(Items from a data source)
——
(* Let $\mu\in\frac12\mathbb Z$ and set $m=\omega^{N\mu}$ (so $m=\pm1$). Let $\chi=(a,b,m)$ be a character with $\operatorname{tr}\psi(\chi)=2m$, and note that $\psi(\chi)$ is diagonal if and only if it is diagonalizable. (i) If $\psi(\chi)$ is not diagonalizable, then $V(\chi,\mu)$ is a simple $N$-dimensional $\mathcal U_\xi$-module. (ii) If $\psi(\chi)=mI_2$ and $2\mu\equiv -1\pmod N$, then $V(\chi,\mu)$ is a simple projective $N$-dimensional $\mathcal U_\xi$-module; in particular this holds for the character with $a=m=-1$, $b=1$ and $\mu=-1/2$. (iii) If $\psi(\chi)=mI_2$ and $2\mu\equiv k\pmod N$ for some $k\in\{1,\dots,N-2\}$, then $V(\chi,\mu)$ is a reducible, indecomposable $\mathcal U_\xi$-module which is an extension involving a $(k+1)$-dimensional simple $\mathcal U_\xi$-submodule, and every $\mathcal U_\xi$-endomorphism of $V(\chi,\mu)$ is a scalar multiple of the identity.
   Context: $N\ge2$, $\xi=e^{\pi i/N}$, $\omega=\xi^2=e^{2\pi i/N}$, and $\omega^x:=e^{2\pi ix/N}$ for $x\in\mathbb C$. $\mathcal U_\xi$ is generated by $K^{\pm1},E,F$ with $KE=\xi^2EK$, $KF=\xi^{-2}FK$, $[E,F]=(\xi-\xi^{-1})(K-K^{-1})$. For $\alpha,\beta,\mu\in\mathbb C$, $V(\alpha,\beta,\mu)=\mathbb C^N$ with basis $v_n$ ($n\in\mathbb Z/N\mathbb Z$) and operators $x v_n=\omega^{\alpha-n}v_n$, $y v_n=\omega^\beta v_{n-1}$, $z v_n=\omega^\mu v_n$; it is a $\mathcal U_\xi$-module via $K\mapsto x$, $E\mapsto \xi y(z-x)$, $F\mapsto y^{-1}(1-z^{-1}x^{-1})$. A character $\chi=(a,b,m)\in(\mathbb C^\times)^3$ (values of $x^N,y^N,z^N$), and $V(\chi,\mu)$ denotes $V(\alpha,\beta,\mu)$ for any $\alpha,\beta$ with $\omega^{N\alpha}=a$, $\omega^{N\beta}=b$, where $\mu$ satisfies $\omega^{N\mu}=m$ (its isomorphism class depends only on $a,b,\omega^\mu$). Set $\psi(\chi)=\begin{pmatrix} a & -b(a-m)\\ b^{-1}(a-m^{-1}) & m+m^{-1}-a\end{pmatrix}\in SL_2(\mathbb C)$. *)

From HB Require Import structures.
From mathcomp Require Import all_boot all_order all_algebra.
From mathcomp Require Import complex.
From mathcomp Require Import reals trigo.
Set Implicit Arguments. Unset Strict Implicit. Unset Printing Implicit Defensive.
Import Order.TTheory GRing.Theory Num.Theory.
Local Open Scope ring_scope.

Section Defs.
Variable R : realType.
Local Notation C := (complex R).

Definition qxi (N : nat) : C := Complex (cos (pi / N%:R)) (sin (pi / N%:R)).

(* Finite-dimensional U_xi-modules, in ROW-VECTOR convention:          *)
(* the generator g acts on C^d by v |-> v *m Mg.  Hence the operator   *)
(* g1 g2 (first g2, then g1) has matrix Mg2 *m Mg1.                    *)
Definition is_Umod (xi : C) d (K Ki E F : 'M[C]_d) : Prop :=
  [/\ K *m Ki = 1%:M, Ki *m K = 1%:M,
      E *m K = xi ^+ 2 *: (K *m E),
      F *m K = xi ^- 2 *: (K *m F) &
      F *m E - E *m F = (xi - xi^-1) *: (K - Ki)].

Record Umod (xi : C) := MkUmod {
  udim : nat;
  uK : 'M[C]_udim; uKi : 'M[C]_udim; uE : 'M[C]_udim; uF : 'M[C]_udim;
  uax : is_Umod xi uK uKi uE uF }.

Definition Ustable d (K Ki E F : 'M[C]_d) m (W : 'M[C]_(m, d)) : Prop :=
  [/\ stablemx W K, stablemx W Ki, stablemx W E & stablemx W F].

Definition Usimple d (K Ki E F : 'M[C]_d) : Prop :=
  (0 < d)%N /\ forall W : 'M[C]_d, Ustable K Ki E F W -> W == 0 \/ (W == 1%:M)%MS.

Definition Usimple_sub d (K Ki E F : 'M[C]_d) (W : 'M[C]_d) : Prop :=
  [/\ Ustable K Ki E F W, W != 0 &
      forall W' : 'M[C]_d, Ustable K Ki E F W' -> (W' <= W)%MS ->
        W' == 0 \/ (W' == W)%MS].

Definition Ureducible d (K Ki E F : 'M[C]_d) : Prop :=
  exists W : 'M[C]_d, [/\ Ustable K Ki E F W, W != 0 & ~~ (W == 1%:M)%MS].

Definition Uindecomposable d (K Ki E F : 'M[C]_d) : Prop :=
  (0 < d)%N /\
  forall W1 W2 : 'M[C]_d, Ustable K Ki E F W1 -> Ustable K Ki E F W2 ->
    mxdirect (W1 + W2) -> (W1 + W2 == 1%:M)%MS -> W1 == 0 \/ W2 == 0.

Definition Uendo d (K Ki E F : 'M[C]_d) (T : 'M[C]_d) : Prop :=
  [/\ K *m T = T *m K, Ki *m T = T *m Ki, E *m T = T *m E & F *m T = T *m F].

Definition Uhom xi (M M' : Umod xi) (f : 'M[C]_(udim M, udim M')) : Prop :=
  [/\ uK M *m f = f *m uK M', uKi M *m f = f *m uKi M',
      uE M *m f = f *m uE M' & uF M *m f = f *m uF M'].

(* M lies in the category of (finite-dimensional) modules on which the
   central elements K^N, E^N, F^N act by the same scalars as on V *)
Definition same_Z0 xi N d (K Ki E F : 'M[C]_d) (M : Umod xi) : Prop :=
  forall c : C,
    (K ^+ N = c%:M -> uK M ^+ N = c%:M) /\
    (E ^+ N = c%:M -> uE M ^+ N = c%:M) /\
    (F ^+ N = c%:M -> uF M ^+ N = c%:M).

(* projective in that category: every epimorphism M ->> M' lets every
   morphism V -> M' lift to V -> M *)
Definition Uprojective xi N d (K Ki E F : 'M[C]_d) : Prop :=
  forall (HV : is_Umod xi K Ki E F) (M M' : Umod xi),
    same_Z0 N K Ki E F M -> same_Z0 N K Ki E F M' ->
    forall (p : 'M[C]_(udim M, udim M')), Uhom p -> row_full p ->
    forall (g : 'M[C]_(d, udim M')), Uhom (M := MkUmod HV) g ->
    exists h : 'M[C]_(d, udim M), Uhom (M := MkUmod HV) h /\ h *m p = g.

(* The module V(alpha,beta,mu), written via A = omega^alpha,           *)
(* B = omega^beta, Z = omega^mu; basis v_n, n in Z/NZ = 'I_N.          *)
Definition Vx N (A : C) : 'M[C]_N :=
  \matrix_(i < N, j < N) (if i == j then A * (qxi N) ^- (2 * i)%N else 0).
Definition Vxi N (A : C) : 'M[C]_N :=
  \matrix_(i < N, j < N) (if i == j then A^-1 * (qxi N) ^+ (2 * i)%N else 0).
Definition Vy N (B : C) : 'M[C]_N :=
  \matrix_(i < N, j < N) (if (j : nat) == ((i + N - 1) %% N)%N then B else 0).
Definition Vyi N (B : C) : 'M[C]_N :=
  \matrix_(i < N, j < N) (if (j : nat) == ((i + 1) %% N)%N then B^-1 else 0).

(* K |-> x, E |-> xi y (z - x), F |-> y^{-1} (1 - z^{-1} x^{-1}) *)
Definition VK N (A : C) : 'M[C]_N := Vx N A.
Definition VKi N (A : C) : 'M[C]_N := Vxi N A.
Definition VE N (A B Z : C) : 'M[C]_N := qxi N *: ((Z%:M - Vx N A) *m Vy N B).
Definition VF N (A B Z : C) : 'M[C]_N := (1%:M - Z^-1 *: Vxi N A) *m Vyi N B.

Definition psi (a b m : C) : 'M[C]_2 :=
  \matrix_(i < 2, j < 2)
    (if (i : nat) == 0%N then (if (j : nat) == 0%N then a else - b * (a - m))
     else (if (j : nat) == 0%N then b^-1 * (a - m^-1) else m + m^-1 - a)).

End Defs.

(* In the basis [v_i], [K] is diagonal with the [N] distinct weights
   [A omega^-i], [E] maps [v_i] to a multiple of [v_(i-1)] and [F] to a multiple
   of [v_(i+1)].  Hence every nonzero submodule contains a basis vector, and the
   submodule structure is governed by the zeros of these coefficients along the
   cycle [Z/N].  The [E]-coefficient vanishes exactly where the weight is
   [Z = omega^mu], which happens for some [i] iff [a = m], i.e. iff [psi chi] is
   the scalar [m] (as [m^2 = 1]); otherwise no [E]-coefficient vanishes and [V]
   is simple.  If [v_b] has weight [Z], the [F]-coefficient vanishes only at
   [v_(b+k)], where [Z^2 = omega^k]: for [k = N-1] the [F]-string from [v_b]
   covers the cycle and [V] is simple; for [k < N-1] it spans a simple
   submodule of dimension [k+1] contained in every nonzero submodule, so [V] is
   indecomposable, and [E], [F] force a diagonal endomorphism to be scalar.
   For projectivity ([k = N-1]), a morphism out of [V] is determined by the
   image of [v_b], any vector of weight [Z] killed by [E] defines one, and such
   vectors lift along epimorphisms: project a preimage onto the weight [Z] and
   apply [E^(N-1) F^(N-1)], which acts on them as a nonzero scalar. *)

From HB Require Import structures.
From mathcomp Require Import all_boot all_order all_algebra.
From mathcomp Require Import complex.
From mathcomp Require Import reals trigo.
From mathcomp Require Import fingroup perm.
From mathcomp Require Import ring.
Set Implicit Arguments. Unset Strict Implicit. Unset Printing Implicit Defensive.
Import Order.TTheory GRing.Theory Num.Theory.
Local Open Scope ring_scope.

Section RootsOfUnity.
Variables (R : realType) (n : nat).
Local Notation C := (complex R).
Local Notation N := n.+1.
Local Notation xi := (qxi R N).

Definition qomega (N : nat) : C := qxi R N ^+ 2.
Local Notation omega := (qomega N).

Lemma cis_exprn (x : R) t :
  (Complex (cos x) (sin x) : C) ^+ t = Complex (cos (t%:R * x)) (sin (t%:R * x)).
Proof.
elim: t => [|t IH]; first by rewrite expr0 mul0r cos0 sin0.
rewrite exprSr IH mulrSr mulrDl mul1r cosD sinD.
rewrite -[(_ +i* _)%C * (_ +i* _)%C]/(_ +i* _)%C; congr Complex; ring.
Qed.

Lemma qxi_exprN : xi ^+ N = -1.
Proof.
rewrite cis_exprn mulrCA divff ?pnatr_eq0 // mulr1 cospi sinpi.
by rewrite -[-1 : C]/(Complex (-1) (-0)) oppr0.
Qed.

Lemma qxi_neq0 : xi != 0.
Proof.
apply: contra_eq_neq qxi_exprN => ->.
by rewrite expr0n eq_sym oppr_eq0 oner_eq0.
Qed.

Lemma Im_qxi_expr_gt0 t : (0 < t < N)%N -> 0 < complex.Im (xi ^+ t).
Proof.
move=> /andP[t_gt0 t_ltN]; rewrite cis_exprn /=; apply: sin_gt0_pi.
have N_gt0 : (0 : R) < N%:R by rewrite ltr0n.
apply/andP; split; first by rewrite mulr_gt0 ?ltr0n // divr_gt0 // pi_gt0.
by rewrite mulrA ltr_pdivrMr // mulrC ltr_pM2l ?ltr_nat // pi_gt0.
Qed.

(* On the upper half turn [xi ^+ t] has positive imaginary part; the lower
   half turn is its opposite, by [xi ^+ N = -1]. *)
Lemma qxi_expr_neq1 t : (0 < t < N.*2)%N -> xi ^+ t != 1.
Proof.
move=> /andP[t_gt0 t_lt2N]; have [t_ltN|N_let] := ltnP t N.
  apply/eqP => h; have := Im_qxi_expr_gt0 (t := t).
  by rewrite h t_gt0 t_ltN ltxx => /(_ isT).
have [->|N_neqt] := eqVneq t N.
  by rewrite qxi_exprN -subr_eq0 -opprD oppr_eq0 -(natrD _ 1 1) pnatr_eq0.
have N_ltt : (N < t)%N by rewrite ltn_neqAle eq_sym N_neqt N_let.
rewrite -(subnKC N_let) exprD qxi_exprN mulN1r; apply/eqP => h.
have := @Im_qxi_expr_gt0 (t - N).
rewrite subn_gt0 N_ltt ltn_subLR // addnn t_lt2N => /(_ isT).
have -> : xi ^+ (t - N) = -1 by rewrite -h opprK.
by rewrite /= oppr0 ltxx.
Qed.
——
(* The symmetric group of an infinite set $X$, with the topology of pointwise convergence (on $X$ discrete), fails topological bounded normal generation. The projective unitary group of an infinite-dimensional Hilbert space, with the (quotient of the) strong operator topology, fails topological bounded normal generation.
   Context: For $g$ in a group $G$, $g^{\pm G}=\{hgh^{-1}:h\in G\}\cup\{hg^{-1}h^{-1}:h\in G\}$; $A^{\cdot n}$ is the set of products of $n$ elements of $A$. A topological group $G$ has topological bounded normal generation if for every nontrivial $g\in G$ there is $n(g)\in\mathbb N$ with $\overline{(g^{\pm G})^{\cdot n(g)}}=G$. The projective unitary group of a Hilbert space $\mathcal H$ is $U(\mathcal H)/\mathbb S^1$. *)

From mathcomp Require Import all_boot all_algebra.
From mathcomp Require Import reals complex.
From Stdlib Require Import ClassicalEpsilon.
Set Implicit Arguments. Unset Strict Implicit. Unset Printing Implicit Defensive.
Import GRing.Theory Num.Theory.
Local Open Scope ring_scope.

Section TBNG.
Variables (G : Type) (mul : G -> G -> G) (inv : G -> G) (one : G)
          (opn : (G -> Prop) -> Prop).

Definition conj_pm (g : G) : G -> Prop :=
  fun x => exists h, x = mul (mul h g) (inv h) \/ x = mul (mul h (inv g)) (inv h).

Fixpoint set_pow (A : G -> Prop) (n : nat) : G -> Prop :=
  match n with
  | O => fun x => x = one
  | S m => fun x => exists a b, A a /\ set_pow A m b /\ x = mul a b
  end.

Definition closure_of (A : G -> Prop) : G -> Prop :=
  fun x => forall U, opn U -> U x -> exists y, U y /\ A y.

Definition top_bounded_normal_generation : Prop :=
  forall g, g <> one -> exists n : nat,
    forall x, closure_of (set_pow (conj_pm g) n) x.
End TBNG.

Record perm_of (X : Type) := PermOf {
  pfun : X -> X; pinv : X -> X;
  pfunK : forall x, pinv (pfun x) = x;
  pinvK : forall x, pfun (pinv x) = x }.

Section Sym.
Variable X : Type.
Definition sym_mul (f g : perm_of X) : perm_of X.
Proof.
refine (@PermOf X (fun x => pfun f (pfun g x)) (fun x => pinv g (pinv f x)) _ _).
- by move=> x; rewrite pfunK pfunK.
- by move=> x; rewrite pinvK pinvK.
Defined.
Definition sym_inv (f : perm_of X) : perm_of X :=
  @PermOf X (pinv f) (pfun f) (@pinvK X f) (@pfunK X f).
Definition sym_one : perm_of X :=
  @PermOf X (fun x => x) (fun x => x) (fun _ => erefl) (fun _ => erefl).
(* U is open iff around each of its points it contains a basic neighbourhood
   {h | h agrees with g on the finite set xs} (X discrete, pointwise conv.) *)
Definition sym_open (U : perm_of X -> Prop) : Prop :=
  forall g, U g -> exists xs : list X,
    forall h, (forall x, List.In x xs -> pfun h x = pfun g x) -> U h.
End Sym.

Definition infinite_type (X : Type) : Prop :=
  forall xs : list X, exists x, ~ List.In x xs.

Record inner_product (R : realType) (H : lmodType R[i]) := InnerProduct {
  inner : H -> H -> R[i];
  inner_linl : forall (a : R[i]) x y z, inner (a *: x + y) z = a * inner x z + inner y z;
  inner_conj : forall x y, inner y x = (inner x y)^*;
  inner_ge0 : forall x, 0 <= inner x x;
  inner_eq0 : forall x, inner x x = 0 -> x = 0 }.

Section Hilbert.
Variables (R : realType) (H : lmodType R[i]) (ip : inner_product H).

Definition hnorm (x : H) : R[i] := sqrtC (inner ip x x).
——
* PROBLEM STATEMENT *
Of all the lines in the entries, count those with the string "lmodType", and report only that number.

* SOLUTION FOR THIS TASK *
2